What is being asked – Copy every record that appears below, exactly as it stands.
++++++++++++++++++++
(* Let $G$ be a graph and $e=\{u,v\}\notin G$ an edge between vertices of $G$. Let $K=K(G)$ and $K'=K(G\cup\{e\})$ be the clique complexes, and for each $j$ let $i_j:\mathrm{H}_j(K\cap\mathrm{st}_{K'}(e))\to\mathrm{H}_j(K)$ be the map induced by inclusion (reduced homology over a field). Define $F_k^+(e)=\mathrm{rk}(\ker i_{k-1})$ and $F_k^-(e)=\mathrm{rk}(\mathrm{im}\, i_{k-1})$. Then \[ \beta_k(K')=\beta_k(K)+F_k^+(e)-F_{k+1}^-(e)\quad(k>0),\qquad \beta_0(K')=\beta_0(K)-F_1^-(e), \] and \[ F_k^+(e)+F_k^-(e)=\beta_{k-2}(\mathrm{lk}_{K'}(e))\quad(k>1),\qquad F_1^+(e)+F_1^-(e)=\mathbf{1}\{\mathrm{lk}_{K'}(e)=\emptyset\}. \]
   Context: The clique complex $K(G)$ of a graph $G$ is the maximal simplicial complex whose 1-skeleton is $G$. For a simplex $\sigma$ of a complex $K$, the closed star $\mathrm{st}_K(\sigma)$ is the smallest subcomplex containing all simplices $\tau\supseteq\sigma$, and the link is $\mathrm{lk}_K(\sigma)=\{\tau\in\mathrm{st}_K(\sigma):\sigma\cap\tau=\emptyset\}$. $\beta_k$ denotes the reduced Betti number (rank of reduced homology over the field). *)

From mathcomp Require Import all_boot all_order all_algebra.
Set Implicit Arguments. Unset Strict Implicit. Unset Printing Implicit Defensive.
Import GRing.Theory.
Local Open Scope ring_scope.

Section Complexes.
Variable T : finType.

(** A simplicial complex is represented by its set of faces
    ({set {set T}}), which (for reduced homology) contains the empty face. *)

Definition clique_complex (adj : rel T) : {set {set T}} :=
  [set s : {set T} | [forall x in s, forall y in s, (x != y) ==> adj x y]].

Definition add_edge (adj : rel T) (u v : T) : rel T :=
  fun x y => [|| adj x y, (x == u) && (y == v) | (x == v) && (y == u)].
Theorem mainTheorem3 (R : realType) (p q M : nat)
  (F : {ffun pixel p q -> R} -> {ffun 'I_M -> R})
  (Jac : {ffun pixel p q -> R} -> 'I_M -> pixel p q -> R)
  (v : {ffun 'I_M -> R}) (Psi : {ffun 'I_M -> R} -> {ffun pixel p q -> R})
  (d : pixel p q -> pixel p q -> R) (Rr lam : R)
  (z0 z1 n0 n1 n2 zeta : R) (wp B eta L H : R) (udag : {ffun pixel p q -> R}) :
  (* metric d on the grid, R in (0,oo), lambda > 0 *)
  (forall a b, d a b = 0 <-> a = b) ->
  (forall a b, d a b = d b a) ->
  (forall a b c, d a c <= d a b + d b c) ->
  0 < Rr -> 0 < lam ->
  (* constants *)
  0 < z0 -> 0 < z1 -> 0 < n0 -> 0 < n1 -> 0 < n2 -> 0 < zeta ->
  0 < wp -> 0 < B -> 0 <= eta -> eta < 1 -> 0 <= L ->
  let u0 := Psi v in
  let u := iterate F Jac v Psi d Rr lam z0 z1 n0 n1 n2 in
  (forall k, zeta <= alpha_of F Jac v z0 z1 (u k)) ->
  (* (A1) *)
  (forall w, inball u0 (3 * wp) w -> frechet_at F (Jac w) w) ->
  (forall w, inball u0 (3 * wp) w -> forall eps, 0 < eps ->
     exists delta, 0 < delta /\ forall w', inball u0 (3 * wp) w' ->
       nrm (w' - w) < delta ->
       forall h, nrm (app (Jac w') h - app (Jac w) h) <= eps * nrm h) ->
  (* (A2) ||F'(w)|| <= B *)
  (forall w, inball u0 (3 * wp) w -> forall h, nrm (app (Jac w) h) <= B * nrm h) ->
  (* (A3) tangential cone condition *)
  (forall w w', inball u0 (3 * wp) w -> inball u0 (3 * wp) w' ->
     nrm (F w - F w' - app (Jac w') (w - w')) <= eta * nrm (F w - F w')) ->
  (* (A4) ||F'(w) - F'(w')|| <= L ||w - w'|| *)
  (forall w w', inball u0 (3 * wp) w -> inball u0 (3 * wp) w' ->
     forall h, nrm (app (Jac w) h - app (Jac w') h) <= L * nrm (w - w') * nrm h) ->
  (* (A5) *)
  inball u0 wp udag -> F udag = v ->
  (* standing parameter condition *)
  (1 + eta) / (1 - eta) < H ->
  (n0 * (wp + n1) + z0 ^+ 2) / (1 - eta - (1 + eta) / H) < zeta ->
  let C0 := (1 - eta) * zeta - n0 * (wp + n1) - z0 ^+ 2 in
  0 < C0 /\
  (forall k, inball udag wp (u k)) /\
  (forall k, nrm (u k.+1 - udag) ^+ 2 - nrm (u k - udag) ^+ 2
               <= - (2 * C0) * nrm (F (u k) - v) ^+ 2) /\
  (forall k, nrm (u k.+1 - udag) <= nrm (u k - udag)) /\
  (forall n, \sum_(k < n) nrm (F (u k) - v) ^+ 2 <= nrm (u0 - udag) ^+ 2 / (2 * C0)).
Proof.
(* Only (A3) and (A5) enter. *)
move=> _ _ _ _ _ z0_gt0 _ n0_gt0 n1_gt0 n2_gt0 zeta_gt0 wp_gt0 _ eta_ge0 eta_lt1 _
  u0 u zeta_le _ _ _ tcc _ udag_in Fudag H_gt zeta_gt C0.
have C0_gt0 : 0 < C0.
  rewrite /C0 -addrA -opprD; apply: standing_condition_gap H_gt zeta_gt => //.
  by rewrite addr_ge0 ?sqr_ge0 // mulr_ge0 ?addr_ge0; lra.
have udag_in3 : inball u0 (3 * wp) udag.
  by move: udag_in; rewrite /inball => ?; lra.
have in3 w : inball udag wp w -> inball u0 (3 * wp) w.
  move=> /inball_trans /(_ udag_in) w_in; apply: le_trans w_in _; lra.
have descent k : inball udag wp (u k) ->
    nrm (u k.+1 - udag) ^+ 2 - nrm (u k - udag) ^+ 2
      <= - (2 * C0) * nrm (F (u k) - v) ^+ 2.
  move=> uk_in; apply: (sqr_nrm_step_subr_le d Rr lam (ltW z0_gt0) (ltW n0_gt0)
    (ltW n1_gt0) (ltW n2_gt0) (ltW zeta_gt0) (ltW eta_lt1) (zeta_le k) uk_in).
  exact: tangential_cone_dotp_ge Fudag (tcc _ _ udag_in3 (in3 _ uk_in)).
have descent_ge0 k : 0 <= 2 * C0 * nrm (F (u k) - v) ^+ 2.
  by have := sqr_ge0 (nrm (F (u k) - v)); nra.
have u_in k : inball udag wp (u k).
  elim: k => [|k IH]; first by rewrite /inball nrm_distC.
  apply: le_trans (IH); rewrite -ler_sqr ?nnegrE ?nrm_ge0 //.
  by have := descent k IH; have := descent_ge0 k; lra.
have monotone k : nrm (u k.+1 - udag) <= nrm (u k - udag).
  rewrite -ler_sqr ?nnegrE ?nrm_ge0 //.
  by have := descent k (u_in k); have := descent_ge0 k; lra.
split; first exact: C0_gt0.
split; first exact: u_in.
split; first by move=> k; exact: descent.
split; first exact: monotone.
move=> n.
rewrite ler_pdivlMr ?mulr_gt0 // mulrC mulr_sumr.
have telescoped := @sum_le_telescope _ (fun k => nrm (u k - udag) ^+ 2)
  (fun k => 2 * C0 * nrm (F (u k) - v) ^+ 2) n.
apply: le_trans (telescoped _) _.
  by move=> k; have := descent k (u_in k); rewrite mulNr.
by rewrite lerBlDr lerDl sqr_ge0.
Qed.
++++++++++++++++++++
Expected answer –
(* Let $G$ be a graph and $e=\{u,v\}\notin G$ an edge between vertices of $G$. Let $K=K(G)$ and $K'=K(G\cup\{e\})$ be the clique complexes, and for each $j$ let $i_j:\mathrm{H}_j(K\cap\mathrm{st}_{K'}(e))\to\mathrm{H}_j(K)$ be the map induced by inclusion (reduced homology over a field). Define $F_k^+(e)=\mathrm{rk}(\ker i_{k-1})$ and $F_k^-(e)=\mathrm{rk}(\mathrm{im}\, i_{k-1})$. Then \[ \beta_k(K')=\beta_k(K)+F_k^+(e)-F_{k+1}^-(e)\quad(k>0),\qquad \beta_0(K')=\beta_0(K)-F_1^-(e), \] and \[ F_k^+(e)+F_k^-(e)=\beta_{k-2}(\mathrm{lk}_{K'}(e))\quad(k>1),\qquad F_1^+(e)+F_1^-(e)=\mathbf{1}\{\mathrm{lk}_{K'}(e)=\emptyset\}. \]
   Context: The clique complex $K(G)$ of a graph $G$ is the maximal simplicial complex whose 1-skeleton is $G$. For a simplex $\sigma$ of a complex $K$, the closed star $\mathrm{st}_K(\sigma)$ is the smallest subcomplex containing all simplices $\tau\supseteq\sigma$, and the link is $\mathrm{lk}_K(\sigma)=\{\tau\in\mathrm{st}_K(\sigma):\sigma\cap\tau=\emptyset\}$. $\beta_k$ denotes the reduced Betti number (rank of reduced homology over the field). *)

From mathcomp Require Import all_boot all_order all_algebra.
Set Implicit Arguments. Unset Strict Implicit. Unset Printing Implicit Defensive.
Import GRing.Theory.
Local Open Scope ring_scope.

Section Complexes.
Variable T : finType.

(** A simplicial complex is represented by its set of faces
    ({set {set T}}), which (for reduced homology) contains the empty face. *)

Definition clique_complex (adj : rel T) : {set {set T}} :=
  [set s : {set T} | [forall x in s, forall y in s, (x != y) ==> adj x y]].

Definition add_edge (adj : rel T) (u v : T) : rel T :=
  fun x y => [|| adj x y, (x == u) && (y == v) | (x == v) && (y == u)].
Theorem mainTheorem3 (R : realType) (p q M : nat)
  (F : {ffun pixel p q -> R} -> {ffun 'I_M -> R})
  (Jac : {ffun pixel p q -> R} -> 'I_M -> pixel p q -> R)
  (v : {ffun 'I_M -> R}) (Psi : {ffun 'I_M -> R} -> {ffun pixel p q -> R})
  (d : pixel p q -> pixel p q -> R) (Rr lam : R)
  (z0 z1 n0 n1 n2 zeta : R) (wp B eta L H : R) (udag : {ffun pixel p q -> R}) :
  (* metric d on the grid, R in (0,oo), lambda > 0 *)
  (forall a b, d a b = 0 <-> a = b) ->
  (forall a b, d a b = d b a) ->
  (forall a b c, d a c <= d a b + d b c) ->
  0 < Rr -> 0 < lam ->
  (* constants *)
  0 < z0 -> 0 < z1 -> 0 < n0 -> 0 < n1 -> 0 < n2 -> 0 < zeta ->
  0 < wp -> 0 < B -> 0 <= eta -> eta < 1 -> 0 <= L ->
  let u0 := Psi v in
  let u := iterate F Jac v Psi d Rr lam z0 z1 n0 n1 n2 in
  (forall k, zeta <= alpha_of F Jac v z0 z1 (u k)) ->
  (* (A1) *)
  (forall w, inball u0 (3 * wp) w -> frechet_at F (Jac w) w) ->
  (forall w, inball u0 (3 * wp) w -> forall eps, 0 < eps ->
     exists delta, 0 < delta /\ forall w', inball u0 (3 * wp) w' ->
       nrm (w' - w) < delta ->
       forall h, nrm (app (Jac w') h - app (Jac w) h) <= eps * nrm h) ->
  (* (A2) ||F'(w)|| <= B *)
  (forall w, inball u0 (3 * wp) w -> forall h, nrm (app (Jac w) h) <= B * nrm h) ->
  (* (A3) tangential cone condition *)
  (forall w w', inball u0 (3 * wp) w -> inball u0 (3 * wp) w' ->
     nrm (F w - F w' - app (Jac w') (w - w')) <= eta * nrm (F w - F w')) ->
  (* (A4) ||F'(w) - F'(w')|| <= L ||w - w'|| *)
  (forall w w', inball u0 (3 * wp) w -> inball u0 (3 * wp) w' ->
     forall h, nrm (app (Jac w) h - app (Jac w') h) <= L * nrm (w - w') * nrm h) ->
  (* (A5) *)
  inball u0 wp udag -> F udag = v ->
  (* standing parameter condition *)
  (1 + eta) / (1 - eta) < H ->
  (n0 * (wp + n1) + z0 ^+ 2) / (1 - eta - (1 + eta) / H) < zeta ->
  let C0 := (1 - eta) * zeta - n0 * (wp + n1) - z0 ^+ 2 in
  0 < C0 /\
  (forall k, inball udag wp (u k)) /\
  (forall k, nrm (u k.+1 - udag) ^+ 2 - nrm (u k - udag) ^+ 2
               <= - (2 * C0) * nrm (F (u k) - v) ^+ 2) /\
  (forall k, nrm (u k.+1 - udag) <= nrm (u k - udag)) /\
  (forall n, \sum_(k < n) nrm (F (u k) - v) ^+ 2 <= nrm (u0 - udag) ^+ 2 / (2 * C0)).
Proof.
(* Only (A3) and (A5) enter. *)
move=> _ _ _ _ _ z0_gt0 _ n0_gt0 n1_gt0 n2_gt0 zeta_gt0 wp_gt0 _ eta_ge0 eta_lt1 _
  u0 u zeta_le _ _ _ tcc _ udag_in Fudag H_gt zeta_gt C0.
have C0_gt0 : 0 < C0.
  rewrite /C0 -addrA -opprD; apply: standing_condition_gap H_gt zeta_gt => //.
  by rewrite addr_ge0 ?sqr_ge0 // mulr_ge0 ?addr_ge0; lra.
have udag_in3 : inball u0 (3 * wp) udag.
  by move: udag_in; rewrite /inball => ?; lra.
have in3 w : inball udag wp w -> inball u0 (3 * wp) w.
  move=> /inball_trans /(_ udag_in) w_in; apply: le_trans w_in _; lra.
have descent k : inball udag wp (u k) ->
    nrm (u k.+1 - udag) ^+ 2 - nrm (u k - udag) ^+ 2
      <= - (2 * C0) * nrm (F (u k) - v) ^+ 2.
  move=> uk_in; apply: (sqr_nrm_step_subr_le d Rr lam (ltW z0_gt0) (ltW n0_gt0)
    (ltW n1_gt0) (ltW n2_gt0) (ltW zeta_gt0) (ltW eta_lt1) (zeta_le k) uk_in).
  exact: tangential_cone_dotp_ge Fudag (tcc _ _ udag_in3 (in3 _ uk_in)).
have descent_ge0 k : 0 <= 2 * C0 * nrm (F (u k) - v) ^+ 2.
  by have := sqr_ge0 (nrm (F (u k) - v)); nra.
have u_in k : inball udag wp (u k).
  elim: k => [|k IH]; first by rewrite /inball nrm_distC.
  apply: le_trans (IH); rewrite -ler_sqr ?nnegrE ?nrm_ge0 //.
  by have := descent k IH; have := descent_ge0 k; lra.
have monotone k : nrm (u k.+1 - udag) <= nrm (u k - udag).
  rewrite -ler_sqr ?nnegrE ?nrm_ge0 //.
  by have := descent k (u_in k); have := descent_ge0 k; lra.
split; first exact: C0_gt0.
split; first exact: u_in.
split; first by move=> k; exact: descent.
split; first exact: monotone.
move=> n.
rewrite ler_pdivlMr ?mulr_gt0 // mulrC mulr_sumr.
have telescoped := @sum_le_telescope _ (fun k => nrm (u k - udag) ^+ 2)
  (fun k => 2 * C0 * nrm (F (u k) - v) ^+ 2) n.
apply: le_trans (telescoped _) _.
  by move=> k; have := descent k (u_in k); rewrite mulNr.
by rewrite lerBlDr lerDl sqr_ge0.
Qed.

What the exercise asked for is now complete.